Hour upon hour of swift flight was dropping behind us as we raced steadily and smoothly on, detouring far around the great heat-regions and radio-active regions that we encountered, heading on toward the serpent-universe that was glowing ever broader before us. Smooth, immeasurable and endless they seemed, those hours of swift and steady flight, but at last we became aware that they were coming to an end, the dying universe ahead a great dim glow across all the blackness of the firmament. Ever our eyes hung upon that misty region of light as we flashed nearer and nearer to it, and ever the same doubt, the same wonder, rose and grew in our minds. Could we, really, crush and destroy the serpent-peoples in this strange universe? What would be the outcome of the tremendous battle we must fight in it to prevent the serpent-hordes from pouring across space toward our own universe?
Before us now the somber splendor of the dying universe filled the heavens, a vast mass of dead and dying suns, black and burned-out stars and suns of smoky crimson, glowing in the blackness of space like the embers of a mighty, dying fire. Around that great, dim-glowing mass we could make out the gigantic shell of flickering blue light, all but invisible, that surrounded it, the titanic and impenetrable wall of vibrations that enclosed it. In toward that wall our vast fleet was racing, moving at slackening speed as I touched a key before me, until at last the mighty flickering barrier loomed close ahead, the single opening in it, guarded by the huge space-forts on each side, lying straight before us. And as we drew within sight of that opening we saw, hanging in space just inside it, massed solidly across it, a thousand oval ships!
"The serpent-ships!" I exclaimed. "They're going to hold the gate of their universe against us!"
Jhul Din was staring at them as though puzzled. "But why only a thousand ships?" he said. "Why haven't they massed all their great fleet there at the gate——"
But I had turned, had pressed the keys before me in swift succession, and at once our tremendous fleet had slowed and smoothly halted, hanging there in space. Then, as I depressed still other keys, our vast mass of ships split smoothly into three separate masses, my flag-ship at the van of the central mass, the others moving to right and to left of us. A moment our three great masses of ships hung there, and then those on either side of us had flashed toward the great space-forts that guarded each side of the great opening, while our own central mass, my ship at its head, drove straight in toward the great opening itself!
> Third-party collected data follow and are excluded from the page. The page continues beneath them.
Lemma convergent_combination N (M G1 G2 : Z) :
  (M <> 0)%Z -> (Z.sqrt (Z.abs M) < Z.of_nat (conv_q a (S N)))%Z ->
  exists p q : Z, (0 < q)%Z /\
    IZR q <= 2 * IZR (Z.sqrt (Z.abs M)) * INR (conv_q a (S N)) /\
    Rabs (IZR q * alpha - IZR p) <= 2 * IZR (Z.sqrt (Z.abs M)) / INR (conv_q a (S N)) /\
    (M | G1 * p + G2 * q)%Z.
Proof.
  intros HM HK.
  set (K := Z.sqrt (Z.abs M)) in *.
  set (qN := Z.of_nat (conv_q a N)) in *. set (qN1 := Z.of_nat (conv_q a (S N))) in *.
  set (pN := Z.of_nat (conv_p a N)). set (pN1 := Z.of_nat (conv_p a (S N))).
  destruct (small_positive_combination qN qN1 pN pN1 M (G1 * pN + G2 * qN) (G1 * pN1 + G2 * qN1)
              (conv_det_Z a N) HM HK) as [u [v [Hu [Hv [Hq Hdiv]]]]].
  exists (u * pN + v * pN1)%Z, (u * qN + v * qN1)%Z.
  assert (HqN : (0 <= qN <= qN1)%Z) by (pose proof (conv_q_le_succ a a_pos N); lia).
  assert (EN1 : INR (conv_q a (S N)) = IZR qN1) by apply INR_IZR_INZ.
  fold K in Hu, Hv. rewrite EN1. split; [exact Hq|split; [|split]].
  - rewrite <- !mult_IZR. apply IZR_le.
    assert (u <= K /\ v <= K)%Z by lia. nia.
  - assert (HaN : Rabs (IZR qN * alpha - IZR pN) <= / IZR qN1).
    { unfold qN, pN. rewrite <- !INR_IZR_INZ, <- EN1. apply conv_approx; assumption. }
    assert (HaN1 : Rabs (IZR qN1 * alpha - IZR pN1) <= / IZR qN1).
    { unfold qN1 at 1, pN1. rewrite <- !INR_IZR_INZ, <- EN1.
      eapply Rle_trans; [apply conv_approx; assumption|].
      pose proof (INR_conv_q_ge1 a a_pos (S N)).
      apply Rinv_le_contravar; [lra|apply le_INR, conv_q_le_succ, a_pos]. }
    replace (IZR (u * qN + v * qN1) * alpha - IZR (u * pN + v * pN1))
      with (IZR u * (IZR qN * alpha - IZR pN) + IZR v * (IZR qN1 * alpha - IZR pN1))
      by (rewrite !plus_IZR, !mult_IZR; ring).
    eapply Rle_trans; [apply Rabs_triang|]. rewrite !Rabs_mult, <- !abs_IZR.
    assert (IZR (Z.abs u) * Rabs (IZR qN * alpha - IZR pN) <= IZR K * / IZR qN1)
      by (apply Rmult_le_compat; try apply Rabs_pos; try (apply IZR_le; lia); assumption).
    assert (IZR (Z.abs v) * Rabs (IZR qN1 * alpha - IZR pN1) <= IZR K * / IZR qN1)
      by (apply Rmult_le_compat; try apply Rabs_pos; try (apply IZR_le; lia); assumption).
    unfold Rdiv. lra.
  - replace (G1 * (u * pN + v * pN1) + G2 * (u * qN + v * qN1))%Z
      with (u * (G1 * pN + G2 * qN) + v * (G1 * pN1 + G2 * qN1))%Z by ring.
    exact Hdiv.
Qed.

End Combination.

Lemma beta_error_arith (K E c cd Q qr qs Nq q eta delta : R) :
  0 <= K -> 0 <= E -> 0 <= c -> 0 < cd -> 0 <= Q <= qr -> 1 <= qr -> 1 <= qs ->
  qr * qs <= Nq <= 2 * qr * qs -> 0 <= q <= 2 * K * Nq -> Rabs eta <= 2 * K / Nq ->
  Rabs delta <= 8 / (qr * qs ^ 2) ->
  E * Q * Rabs eta + E * c * q * Rabs delta / cd <= 2 * K * (E * (1 + 16 * c / cd)) / qs.
Proof.
  intros HK HE Hc Hcd HQ Hqr Hqs HN Hq Heta Hdelta.
  assert (HNpos : 0 < Nq) by nra.
  assert (H1 : Q * Rabs eta <= 2 * K / qs).
  { apply Rle_trans with (qr * (2 * K / Nq)); [apply Rmult_le_compat; try apply Rabs_pos; lra|].
    unfold Rdiv. rewrite <- Rmult_assoc, (Rmult_comm qr), Rmult_assoc.
    apply Rmult_le_compat_l; [lra|].
    apply Rmult_le_reg_l with (qs * Nq); [nra|].
    field_simplify; [nra|lra|lra]. }
  assert (H2 : q * Rabs delta <= 32 * K / qs).
  { apply Rle_trans with ((2 * K * Nq) * (8 / (qr * qs ^ 2)));
      [apply Rmult_le_compat; try apply Rabs_pos; lra|].
    apply Rle_trans with ((2 * K * (2 * qr * qs)) * (8 / (qr * qs ^ 2))).
    - apply Rmult_le_compat_r; [apply Rdiv_le_0_compat; nra|]. apply Rmult_le_compat_l; lra.
    - right. field. lra. }
  assert (E * (Q * Rabs eta) <= E * (2 * K / qs)) by (apply Rmult_le_compat_l; lra).
  assert (E * c * (q * Rabs delta) / cd <= E * c * (32 * K / qs) / cd).
  { unfold Rdiv. apply Rmult_le_compat_r; [apply Rlt_le, Rinv_0_lt_compat; lra|].
    apply Rmult_le_compat_l; [nra|lra]. }
  replace (2 * K * (E * (1 + 16 * c / cd)) / qs) with (E * (2 * K / qs) + E * c * (32 * K / qs) / cd)
    by (field; lra).
  replace (E * Q * Rabs eta) with (E * (Q * Rabs eta)) by ring.
  replace (E * c * q * Rabs delta / cd) with (E * c * (q * Rabs delta) / cd) by (field; lra).
  lra.
Qed.

Lemma simultaneous_error_arith (K Dabs L G qs Nq q d1 d2 : R) :
  0 <= K -> K * K <= Dabs -> K * K <= L -> 0 < Nq -> 0 < qs -> 0 <= G ->
  0 <= q <= 2 * K * Nq -> 0 <= d1 <= 2 * K / Nq -> 0 <= d2 -> Dabs * d2 <= 2 * K * G / qs ->
  (q * d1 * d2) ^ 2 <= 64 * L * G ^ 2 / qs ^ 2.
Proof.
  intros HK HKD HKL HN Hqs HG Hq Hd1 Hd2 HDd2.
  assert (Hqd1 : q * d1 <= 4 * K * K).
  { apply Rle_trans with ((2 * K * Nq) * (2 * K / Nq)); [apply Rmult_le_compat; lra|].
    right. field. lra. }
  assert (0 <= 8 * K * G / qs) by (apply Rdiv_le_0_compat; [apply Rmult_le_pos|]; lra).
  assert (Hprod : q * d1 * d2 <= 8 * K * G / qs).
  { destruct (Req_dec K 0) as [HK0|HK0].
    { subst K. replace q with 0 by lra. lra. }
    assert (HD : 0 < Dabs) by nra.
    apply Rmult_le_reg_r with Dabs; [exact HD|].
    replace (q * d1 * d2 * Dabs) with ((q * d1) * (Dabs * d2)) by ring.
    apply Rle_trans with ((4 * K * K) * (2 * K * G / qs));
      [apply Rmult_le_compat; try nra; apply Rmult_le_pos; nra|].
    replace ((4 * K * K) * (2 * K * G / qs)) with ((K * K) * (8 * K * G / qs)) by (field; lra).
    rewrite (Rmult_comm (8 * K * G / qs)). apply Rmult_le_compat_r; lra. }
  assert (0 <= q * d1 * d2) by (apply Rmult_le_pos; [apply Rmult_le_pos|]; lra).
  apply Rle_trans with ((8 * K * G / qs) ^ 2); [apply pow_incr; lra|].
  replace ((8 * K * G / qs) ^ 2) with (64 * (K * K) * G ^ 2 / qs ^ 2) by (field; lra).
  unfold Rdiv. apply Rmult_le_compat_r; [apply Rlt_le, Rinv_0_lt_compat; nra|].
  apply Rmult_le_compat_r; [apply pow2_ge_0|lra].
Qed.

(* With e = a d - b c, D and F are chosen so that D (a t + b) / (c t + d) = e Q t + F whenever
   Q t^2 + B t - C = 0: an approximate root of the quadratic is sent to an approximately affine
   function of itself. *)
Definition homography_lead (c d Q B C : Z) : Z := d * d * Q - c * d * B - c * c * C.
Definition homography_offset (a b c d Q B C : Z) : Z := b * d * Q - a * c * C - b * c * B.

Lemma homography_quadratic_identity (za zb zc zd Q B C : Z) (t : R) :
  IZR (homography_lead zc zd Q B C) * (IZR za * t + IZR zb)
  - (IZR (za * zd - zb * zc) * IZR Q * t + IZR (homography_offset za zb zc zd Q B C))
    * (IZR zc * t + IZR zd)
  = - IZR (za * zd - zb * zc) * IZR zc * (IZR Q * t ^ 2 + IZR B * t - IZR C).
Proof. unfold homography_lead, homography_offset. rewrite !minus_IZR, !mult_IZR. ring. Qed.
Straight toward and into the opening raced our close-massed ships and then the next moment it seemed that all the universe about was transformed into a single awful mass of pale beams that stabbed toward and through us from the space-forts on each side and from the close-massed ships ahead. How our own ship escaped annihilation in that first moment of terrific, reeling shock, I can not guess; since behind and about us scores of our ships were driving crazily away, their occupants annihilated by the deadly beams. Yet from all our own craft, reeling blindly as they were there in the opening, our cylinders were loosing their shafts of invisible force upon the space-forts to each side and upon the serpent-ships that leapt toward us from ahead.
Then as those ships met ours, there in the narrow opening with the huge towering space-forts at each side, there ensued a moment of battle so terrific—battle more awful in its concentrated fury than any I had ever yet experienced—that it seemed impossible that ships and living beings could fight thus and live. Terrific was the scene about us—the vast black vault of infinite outer space behind us, the far-flung, dim-glowing mass of the dying universe before us, the gigantic wall of pale blue flickering light that separated the two, the single opening in that wall, flanked by the titanic metal space-forts, in which our thousands of close-massed ships charged forward toward the onrushing serpent-ships.
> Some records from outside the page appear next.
Lemma peval_padd p q x : peval (padd p q) x = peval p x + peval q x.
Proof.
  revert q; induction p as [|c p IH]; intros [|d q]; simpl; try rewrite IH; ring.
Qed.

Lemma peval_pscale c p x : peval (pscale c p) x = c * peval p x.
Proof. induction p as [|d p IH]; simpl; [|rewrite IH]; ring. Qed.

Lemma is_derive_peval p x : is_derive (peval p) x (peval (pderiv p) x).
Proof.
  induction p as [|c p IH]; simpl.
  - apply (is_derive_const 0).
  - rewrite peval_padd; simpl.
    replace (peval p x + (0 + x * peval (pderiv p) x))
      with (0 + (1 * peval p x + x * peval (pderiv p) x)) by ring.
    apply (is_derive_plus (fun _ => c) (fun y => y * peval p y)).
    + apply (is_derive_const c).
    + apply (is_derive_mult (fun y => y) (peval p)); auto.
      * apply (is_derive_id (K := R_AbsRing)).
      * intros; apply Rmult_comm.
Qed.

Lemma pnorm1_ge0 p : 0 <= pnorm1 p.
Proof. induction p as [|c p IH]; simpl; [|pose proof (Rabs_pos c)]; lra. Qed.

Lemma Rabs_peval_le p x : 0 <= x <= 1 -> Rabs (peval p x) <= pnorm1 p.
Proof.
  intros Hx; induction p as [|c p IH]; simpl.
  - rewrite Rabs_R0; lra.
  - eapply Rle_trans; [apply Rabs_triang|].
    rewrite Rabs_mult, (Rabs_pos_eq x) by lra.
    pose proof (Rabs_pos (peval p x)); nra.
Qed.

Definition pmulX1mX (p : list R) : list R :=
  padd (0 :: p) (pscale (-1) (0 :: 0 :: p)).

Lemma peval_pmulX1mX p x : peval (pmulX1mX p) x = x * (1 - x) * peval p x.
Proof. unfold pmulX1mX; rewrite peval_padd, peval_pscale; simpl; ring. Qed.

Lemma exp_le_compat x y : x <= y -> exp x <= exp y.
Proof.
  intros [Hlt|Heq]; [left; apply exp_increasing, Hlt|right; rewrite Heq; reflexivity].
Qed.

Lemma ln_nonpos x : x <= 0 -> ln x = 0.
Proof. intros Hx; unfold ln; destruct (Rlt_dec 0 x); [exfalso; lra|reflexivity]. Qed.

Lemma ln_le_of_le_exp x y : 0 <= y -> x <= exp y -> ln x <= y.
Proof.
  intros Hy Hx; destruct (Rle_lt_dec x 0) as [Hx0|Hx0].
  - rewrite ln_nonpos; assumption.
  - rewrite <- (ln_exp y); apply ln_le; assumption.
Qed.

Lemma ln_lt_of_lt_exp x y : 0 < y -> x < exp y -> ln x < y.
Proof.
  intros Hy Hx; destruct (Rle_lt_dec x 0) as [Hx0|Hx0].
  - rewrite ln_nonpos; assumption.
  - rewrite <- (ln_exp y); apply ln_increasing; assumption.
Qed.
Ships were crashing and smashing as we met them, death-beams were whirling thick from their ships and from the huge space-forts, serpent-craft were crumpling and collapsing beneath our shafts of force—and still our own ships were reeling away in scores as the death-beams found them. I knew that not for long could we continue this suicidal combat, since though the serpent-ships before us were being swiftly wiped out, the space-forts on each side still played their beams upon us with deadly effect. The other two divisions of our great fleet, dashing to attack the space-forts from outside while we battled there in the opening between them, had been thrust back, I saw, from each attack by the masses of pale beams that sprang from the forts.
But as the whole struggle hung thus in doubt, as our ships fell in fierce battle there in the opening beneath the beams of the forts, I saw a score of ships among those attacking the right-hand fort drive suddenly toward that fort with all their terrific utmost speed, leaping toward it like great thunderbolts of metal. From the great castle the death-beams sprang toward that score of ships, sweeping through them and wiping all life instantly from them, but before the ships had time to swerve or reel aside from that mad onward flight their terrific speed had carried them onward, and with a mighty, shattering collision they had crashed straight into the great fort's side.